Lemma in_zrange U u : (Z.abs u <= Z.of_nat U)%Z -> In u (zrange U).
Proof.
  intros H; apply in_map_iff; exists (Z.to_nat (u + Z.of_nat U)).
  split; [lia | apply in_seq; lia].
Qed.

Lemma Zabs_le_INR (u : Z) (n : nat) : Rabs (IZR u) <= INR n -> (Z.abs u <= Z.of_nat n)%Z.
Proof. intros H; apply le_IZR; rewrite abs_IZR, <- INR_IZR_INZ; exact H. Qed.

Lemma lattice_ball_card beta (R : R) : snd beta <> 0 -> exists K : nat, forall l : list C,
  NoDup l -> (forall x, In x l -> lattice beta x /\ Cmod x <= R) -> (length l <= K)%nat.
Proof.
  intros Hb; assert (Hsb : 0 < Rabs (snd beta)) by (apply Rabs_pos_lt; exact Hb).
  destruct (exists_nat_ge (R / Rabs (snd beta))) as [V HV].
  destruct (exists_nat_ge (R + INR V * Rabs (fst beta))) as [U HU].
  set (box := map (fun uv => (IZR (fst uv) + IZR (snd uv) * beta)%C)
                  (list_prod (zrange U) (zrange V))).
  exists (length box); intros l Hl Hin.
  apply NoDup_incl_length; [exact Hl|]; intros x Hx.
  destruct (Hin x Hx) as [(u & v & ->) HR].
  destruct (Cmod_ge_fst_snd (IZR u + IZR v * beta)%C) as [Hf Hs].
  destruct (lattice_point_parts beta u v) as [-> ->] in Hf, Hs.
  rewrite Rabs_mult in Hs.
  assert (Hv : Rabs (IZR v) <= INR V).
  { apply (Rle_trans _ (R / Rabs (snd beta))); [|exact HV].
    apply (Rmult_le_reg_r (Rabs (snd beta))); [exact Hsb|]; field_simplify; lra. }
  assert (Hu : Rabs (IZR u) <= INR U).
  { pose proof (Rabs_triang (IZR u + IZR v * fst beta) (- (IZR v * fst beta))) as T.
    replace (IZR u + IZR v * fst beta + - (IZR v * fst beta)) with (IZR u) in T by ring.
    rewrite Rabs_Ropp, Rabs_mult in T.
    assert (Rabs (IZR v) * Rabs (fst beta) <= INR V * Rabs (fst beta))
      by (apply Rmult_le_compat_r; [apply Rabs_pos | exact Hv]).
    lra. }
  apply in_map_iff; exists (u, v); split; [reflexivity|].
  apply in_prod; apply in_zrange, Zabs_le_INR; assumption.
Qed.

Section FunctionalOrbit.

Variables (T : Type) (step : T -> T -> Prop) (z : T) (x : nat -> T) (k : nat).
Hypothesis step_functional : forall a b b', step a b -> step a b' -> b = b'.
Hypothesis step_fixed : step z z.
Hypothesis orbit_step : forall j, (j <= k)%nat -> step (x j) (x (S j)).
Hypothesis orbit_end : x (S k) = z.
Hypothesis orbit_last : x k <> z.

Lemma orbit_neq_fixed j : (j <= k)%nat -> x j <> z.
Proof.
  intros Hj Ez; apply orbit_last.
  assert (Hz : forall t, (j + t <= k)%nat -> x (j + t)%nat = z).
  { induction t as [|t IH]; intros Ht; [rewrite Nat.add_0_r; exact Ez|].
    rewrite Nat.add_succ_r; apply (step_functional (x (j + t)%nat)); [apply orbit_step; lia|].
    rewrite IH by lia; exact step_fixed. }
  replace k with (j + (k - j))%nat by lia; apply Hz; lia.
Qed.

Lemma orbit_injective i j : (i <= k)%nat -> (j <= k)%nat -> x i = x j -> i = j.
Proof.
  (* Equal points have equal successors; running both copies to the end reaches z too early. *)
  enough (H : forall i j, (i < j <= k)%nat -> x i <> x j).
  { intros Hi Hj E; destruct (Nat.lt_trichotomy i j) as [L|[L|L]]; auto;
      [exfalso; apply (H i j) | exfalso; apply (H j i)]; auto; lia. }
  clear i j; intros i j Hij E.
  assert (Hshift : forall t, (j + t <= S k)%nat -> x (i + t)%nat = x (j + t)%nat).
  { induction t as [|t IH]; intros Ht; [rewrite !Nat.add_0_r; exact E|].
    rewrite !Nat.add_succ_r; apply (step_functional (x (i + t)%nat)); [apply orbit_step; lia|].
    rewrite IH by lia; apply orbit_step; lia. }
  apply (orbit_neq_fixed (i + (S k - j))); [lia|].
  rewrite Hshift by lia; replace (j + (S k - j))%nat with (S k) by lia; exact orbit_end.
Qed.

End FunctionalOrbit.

== == ==

Activity:
Your answer should be the exact lines above from the one with "destruct (Cmod_ge_fst_snd (IZR" through the one with "replace (IZR u", both included, and nothing besides.

Answer box:
  destruct (Cmod_ge_fst_snd (IZR u + IZR v * beta)%C) as [Hf Hs].
  destruct (lattice_point_parts beta u v) as [-> ->] in Hf, Hs.
  rewrite Rabs_mult in Hs.
  assert (Hv : Rabs (IZR v) <= INR V).
  { apply (Rle_trans _ (R / Rabs (snd beta))); [|exact HV].
    apply (Rmult_le_reg_r (Rabs (snd beta))); [exact Hsb|]; field_simplify; lra. }
  assert (Hu : Rabs (IZR u) <= INR U).
  { pose proof (Rabs_triang (IZR u + IZR v * fst beta) (- (IZR v * fst beta))) as T.
    replace (IZR u + IZR v * fst beta + - (IZR v * fst beta)) with (IZR u) in T by ring.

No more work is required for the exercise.